- TASK INSTRUCTIONS
Up to and including the line with "by rewrite mulrC mcoeffMX.", repeat every line of the listing exactly, beginning at the first.

- RECORDS PROVIDED
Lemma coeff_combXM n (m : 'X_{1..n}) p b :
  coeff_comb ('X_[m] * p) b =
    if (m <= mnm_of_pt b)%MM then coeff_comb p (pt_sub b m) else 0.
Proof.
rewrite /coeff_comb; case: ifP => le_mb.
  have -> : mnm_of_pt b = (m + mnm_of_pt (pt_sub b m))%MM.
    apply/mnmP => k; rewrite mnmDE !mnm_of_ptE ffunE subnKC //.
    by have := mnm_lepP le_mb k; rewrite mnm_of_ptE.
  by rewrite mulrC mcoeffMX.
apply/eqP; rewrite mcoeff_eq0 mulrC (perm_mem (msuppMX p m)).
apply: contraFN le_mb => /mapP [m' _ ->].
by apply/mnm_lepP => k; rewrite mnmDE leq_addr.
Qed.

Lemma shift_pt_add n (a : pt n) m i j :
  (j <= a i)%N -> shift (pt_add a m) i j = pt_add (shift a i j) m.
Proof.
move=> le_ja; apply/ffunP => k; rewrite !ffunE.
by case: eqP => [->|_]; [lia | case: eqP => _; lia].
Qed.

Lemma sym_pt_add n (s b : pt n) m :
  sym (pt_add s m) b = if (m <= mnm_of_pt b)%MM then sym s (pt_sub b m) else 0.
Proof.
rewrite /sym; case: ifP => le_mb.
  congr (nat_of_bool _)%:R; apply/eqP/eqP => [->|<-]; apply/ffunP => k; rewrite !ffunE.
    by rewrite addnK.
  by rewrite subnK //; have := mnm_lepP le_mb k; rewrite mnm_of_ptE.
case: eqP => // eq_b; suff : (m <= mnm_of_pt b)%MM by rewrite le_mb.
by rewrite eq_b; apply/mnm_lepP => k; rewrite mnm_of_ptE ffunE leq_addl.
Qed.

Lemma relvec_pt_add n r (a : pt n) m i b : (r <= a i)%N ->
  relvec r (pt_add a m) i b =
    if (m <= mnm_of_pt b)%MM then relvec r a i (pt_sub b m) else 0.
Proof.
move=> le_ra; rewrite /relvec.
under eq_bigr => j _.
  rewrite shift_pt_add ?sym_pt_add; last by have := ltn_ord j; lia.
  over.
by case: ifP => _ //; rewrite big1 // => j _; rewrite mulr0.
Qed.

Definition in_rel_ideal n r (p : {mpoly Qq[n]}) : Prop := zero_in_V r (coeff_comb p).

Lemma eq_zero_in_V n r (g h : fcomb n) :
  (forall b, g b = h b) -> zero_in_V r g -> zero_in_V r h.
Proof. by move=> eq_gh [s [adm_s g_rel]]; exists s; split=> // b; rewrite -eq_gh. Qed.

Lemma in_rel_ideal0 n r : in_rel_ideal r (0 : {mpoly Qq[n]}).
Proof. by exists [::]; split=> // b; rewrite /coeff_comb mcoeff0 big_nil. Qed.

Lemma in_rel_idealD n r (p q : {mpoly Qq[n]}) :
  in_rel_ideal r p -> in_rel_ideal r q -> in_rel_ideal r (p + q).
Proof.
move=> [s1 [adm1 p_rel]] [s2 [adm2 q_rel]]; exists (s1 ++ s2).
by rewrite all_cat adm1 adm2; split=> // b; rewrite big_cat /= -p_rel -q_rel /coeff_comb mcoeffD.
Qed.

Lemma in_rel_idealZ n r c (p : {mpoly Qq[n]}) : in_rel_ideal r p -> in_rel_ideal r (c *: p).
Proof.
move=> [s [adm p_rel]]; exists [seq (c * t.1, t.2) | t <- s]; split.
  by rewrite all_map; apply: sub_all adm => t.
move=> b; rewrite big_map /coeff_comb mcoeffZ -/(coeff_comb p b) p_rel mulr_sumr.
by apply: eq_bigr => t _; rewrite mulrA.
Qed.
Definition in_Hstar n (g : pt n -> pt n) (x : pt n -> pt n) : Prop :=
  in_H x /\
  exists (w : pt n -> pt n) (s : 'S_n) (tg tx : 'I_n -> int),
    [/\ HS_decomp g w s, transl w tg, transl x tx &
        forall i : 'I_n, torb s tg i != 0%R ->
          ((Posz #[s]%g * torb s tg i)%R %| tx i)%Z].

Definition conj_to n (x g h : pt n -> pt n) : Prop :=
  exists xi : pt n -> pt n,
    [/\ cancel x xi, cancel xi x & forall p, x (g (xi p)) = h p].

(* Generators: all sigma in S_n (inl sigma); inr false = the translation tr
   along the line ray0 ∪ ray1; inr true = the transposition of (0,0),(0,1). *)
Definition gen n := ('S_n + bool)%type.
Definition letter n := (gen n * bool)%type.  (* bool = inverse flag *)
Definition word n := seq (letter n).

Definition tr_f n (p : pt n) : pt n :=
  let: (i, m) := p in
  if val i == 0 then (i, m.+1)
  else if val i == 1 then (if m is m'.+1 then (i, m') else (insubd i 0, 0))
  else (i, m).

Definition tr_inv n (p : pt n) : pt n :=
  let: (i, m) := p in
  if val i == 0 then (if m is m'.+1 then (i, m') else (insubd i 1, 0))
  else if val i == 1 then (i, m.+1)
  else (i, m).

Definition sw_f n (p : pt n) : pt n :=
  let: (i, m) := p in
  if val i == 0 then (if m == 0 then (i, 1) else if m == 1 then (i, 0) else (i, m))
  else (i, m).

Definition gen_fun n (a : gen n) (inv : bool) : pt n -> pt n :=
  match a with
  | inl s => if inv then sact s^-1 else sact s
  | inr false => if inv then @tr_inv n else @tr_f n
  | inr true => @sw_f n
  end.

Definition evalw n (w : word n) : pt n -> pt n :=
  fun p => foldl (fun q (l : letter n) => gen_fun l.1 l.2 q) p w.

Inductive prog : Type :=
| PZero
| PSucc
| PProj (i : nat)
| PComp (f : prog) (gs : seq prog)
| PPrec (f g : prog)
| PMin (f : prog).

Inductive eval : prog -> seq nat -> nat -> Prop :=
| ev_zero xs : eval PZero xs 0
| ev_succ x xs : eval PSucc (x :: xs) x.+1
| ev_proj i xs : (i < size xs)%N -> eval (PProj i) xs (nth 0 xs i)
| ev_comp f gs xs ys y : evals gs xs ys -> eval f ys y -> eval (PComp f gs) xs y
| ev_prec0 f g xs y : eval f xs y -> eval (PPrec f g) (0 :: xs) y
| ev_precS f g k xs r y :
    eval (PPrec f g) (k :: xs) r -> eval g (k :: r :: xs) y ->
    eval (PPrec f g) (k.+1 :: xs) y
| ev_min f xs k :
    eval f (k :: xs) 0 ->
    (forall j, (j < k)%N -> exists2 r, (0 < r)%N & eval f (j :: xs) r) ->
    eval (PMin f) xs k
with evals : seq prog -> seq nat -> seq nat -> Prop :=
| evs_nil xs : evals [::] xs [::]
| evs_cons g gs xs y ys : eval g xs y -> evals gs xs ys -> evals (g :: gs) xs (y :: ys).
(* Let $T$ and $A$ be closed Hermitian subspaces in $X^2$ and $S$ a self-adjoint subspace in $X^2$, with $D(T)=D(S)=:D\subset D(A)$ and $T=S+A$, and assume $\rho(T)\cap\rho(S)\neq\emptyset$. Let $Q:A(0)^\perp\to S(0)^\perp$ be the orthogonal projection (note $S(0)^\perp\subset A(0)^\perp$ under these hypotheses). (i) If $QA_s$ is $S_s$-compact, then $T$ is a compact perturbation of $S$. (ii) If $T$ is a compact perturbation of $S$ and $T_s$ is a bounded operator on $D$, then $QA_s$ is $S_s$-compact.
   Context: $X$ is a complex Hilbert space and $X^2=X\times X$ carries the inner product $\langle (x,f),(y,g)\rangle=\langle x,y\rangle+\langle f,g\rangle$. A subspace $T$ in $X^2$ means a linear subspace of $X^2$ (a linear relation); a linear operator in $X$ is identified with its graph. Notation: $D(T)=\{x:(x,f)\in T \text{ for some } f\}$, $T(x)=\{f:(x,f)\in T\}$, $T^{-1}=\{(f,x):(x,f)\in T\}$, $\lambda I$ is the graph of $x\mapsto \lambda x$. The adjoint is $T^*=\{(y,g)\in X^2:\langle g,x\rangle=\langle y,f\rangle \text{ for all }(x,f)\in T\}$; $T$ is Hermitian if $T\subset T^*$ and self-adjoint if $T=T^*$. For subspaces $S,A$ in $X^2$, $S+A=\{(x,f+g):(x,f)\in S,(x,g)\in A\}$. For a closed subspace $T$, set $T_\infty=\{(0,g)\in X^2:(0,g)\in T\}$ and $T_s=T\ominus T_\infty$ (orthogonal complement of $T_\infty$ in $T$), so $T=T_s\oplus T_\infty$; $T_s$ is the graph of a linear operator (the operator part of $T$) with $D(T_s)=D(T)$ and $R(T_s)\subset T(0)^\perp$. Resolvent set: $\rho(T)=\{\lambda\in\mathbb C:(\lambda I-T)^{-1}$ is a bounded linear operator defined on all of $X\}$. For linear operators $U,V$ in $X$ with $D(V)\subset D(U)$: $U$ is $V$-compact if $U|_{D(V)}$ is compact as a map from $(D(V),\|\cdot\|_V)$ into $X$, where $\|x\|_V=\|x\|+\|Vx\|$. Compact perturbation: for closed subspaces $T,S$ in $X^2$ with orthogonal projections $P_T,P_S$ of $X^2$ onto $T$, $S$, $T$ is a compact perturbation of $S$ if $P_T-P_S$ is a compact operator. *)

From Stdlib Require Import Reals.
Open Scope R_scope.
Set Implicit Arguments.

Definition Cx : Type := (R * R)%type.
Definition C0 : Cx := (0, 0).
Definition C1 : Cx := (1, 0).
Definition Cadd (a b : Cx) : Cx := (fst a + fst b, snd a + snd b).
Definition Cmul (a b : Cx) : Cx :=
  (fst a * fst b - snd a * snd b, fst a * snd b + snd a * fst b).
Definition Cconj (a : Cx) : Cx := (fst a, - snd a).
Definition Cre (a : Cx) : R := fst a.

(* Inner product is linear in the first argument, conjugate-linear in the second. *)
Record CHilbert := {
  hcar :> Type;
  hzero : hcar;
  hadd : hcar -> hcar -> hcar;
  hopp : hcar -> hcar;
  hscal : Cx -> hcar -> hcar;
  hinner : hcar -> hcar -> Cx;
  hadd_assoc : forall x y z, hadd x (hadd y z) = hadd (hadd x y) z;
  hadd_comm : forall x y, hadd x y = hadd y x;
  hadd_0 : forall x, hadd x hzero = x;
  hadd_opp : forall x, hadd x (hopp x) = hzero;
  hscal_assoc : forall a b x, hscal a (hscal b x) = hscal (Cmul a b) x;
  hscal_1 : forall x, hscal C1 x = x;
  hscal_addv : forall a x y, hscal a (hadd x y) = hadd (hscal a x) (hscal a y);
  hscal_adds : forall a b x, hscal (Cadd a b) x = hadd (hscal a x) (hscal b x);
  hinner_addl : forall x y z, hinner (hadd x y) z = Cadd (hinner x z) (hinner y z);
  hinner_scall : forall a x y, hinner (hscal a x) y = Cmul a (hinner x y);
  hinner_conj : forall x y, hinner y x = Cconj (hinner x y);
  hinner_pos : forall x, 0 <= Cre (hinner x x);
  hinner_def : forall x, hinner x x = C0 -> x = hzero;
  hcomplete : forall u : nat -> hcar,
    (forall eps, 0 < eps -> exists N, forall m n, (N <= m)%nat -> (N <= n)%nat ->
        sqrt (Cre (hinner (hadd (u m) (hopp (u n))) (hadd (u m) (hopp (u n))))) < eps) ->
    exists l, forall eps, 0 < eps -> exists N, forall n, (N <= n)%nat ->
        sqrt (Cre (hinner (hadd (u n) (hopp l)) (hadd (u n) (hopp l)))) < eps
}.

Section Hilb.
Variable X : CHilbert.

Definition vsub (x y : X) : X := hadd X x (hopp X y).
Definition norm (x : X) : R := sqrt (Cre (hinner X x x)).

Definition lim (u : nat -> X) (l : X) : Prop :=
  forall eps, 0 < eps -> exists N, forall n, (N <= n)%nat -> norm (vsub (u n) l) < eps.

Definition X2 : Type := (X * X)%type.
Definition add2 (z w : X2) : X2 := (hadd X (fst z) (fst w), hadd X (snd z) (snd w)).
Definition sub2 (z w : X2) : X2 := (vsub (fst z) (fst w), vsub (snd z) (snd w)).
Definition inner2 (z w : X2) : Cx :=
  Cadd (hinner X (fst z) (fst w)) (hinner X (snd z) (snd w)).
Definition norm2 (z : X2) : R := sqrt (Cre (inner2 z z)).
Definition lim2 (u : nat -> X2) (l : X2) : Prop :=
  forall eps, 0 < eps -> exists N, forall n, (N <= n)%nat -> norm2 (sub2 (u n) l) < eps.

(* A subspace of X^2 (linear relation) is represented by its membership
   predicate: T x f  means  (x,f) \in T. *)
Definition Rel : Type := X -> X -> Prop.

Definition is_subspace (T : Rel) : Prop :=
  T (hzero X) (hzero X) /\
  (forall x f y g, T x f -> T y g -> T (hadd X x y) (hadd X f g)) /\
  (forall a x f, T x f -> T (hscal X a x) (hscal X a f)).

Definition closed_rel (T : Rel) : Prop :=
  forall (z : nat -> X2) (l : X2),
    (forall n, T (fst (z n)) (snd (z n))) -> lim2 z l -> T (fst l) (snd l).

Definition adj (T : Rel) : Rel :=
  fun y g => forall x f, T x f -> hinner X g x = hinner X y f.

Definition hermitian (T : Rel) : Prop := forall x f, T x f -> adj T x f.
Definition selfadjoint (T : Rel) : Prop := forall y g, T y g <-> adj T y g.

- WRITTEN RESPONSE
Lemma coeff_combXM n (m : 'X_{1..n}) p b :
  coeff_comb ('X_[m] * p) b =
    if (m <= mnm_of_pt b)%MM then coeff_comb p (pt_sub b m) else 0.
Proof.
rewrite /coeff_comb; case: ifP => le_mb.
  have -> : mnm_of_pt b = (m + mnm_of_pt (pt_sub b m))%MM.
    apply/mnmP => k; rewrite mnmDE !mnm_of_ptE ffunE subnKC //.
    by have := mnm_lepP le_mb k; rewrite mnm_of_ptE.
  by rewrite mulrC mcoeffMX.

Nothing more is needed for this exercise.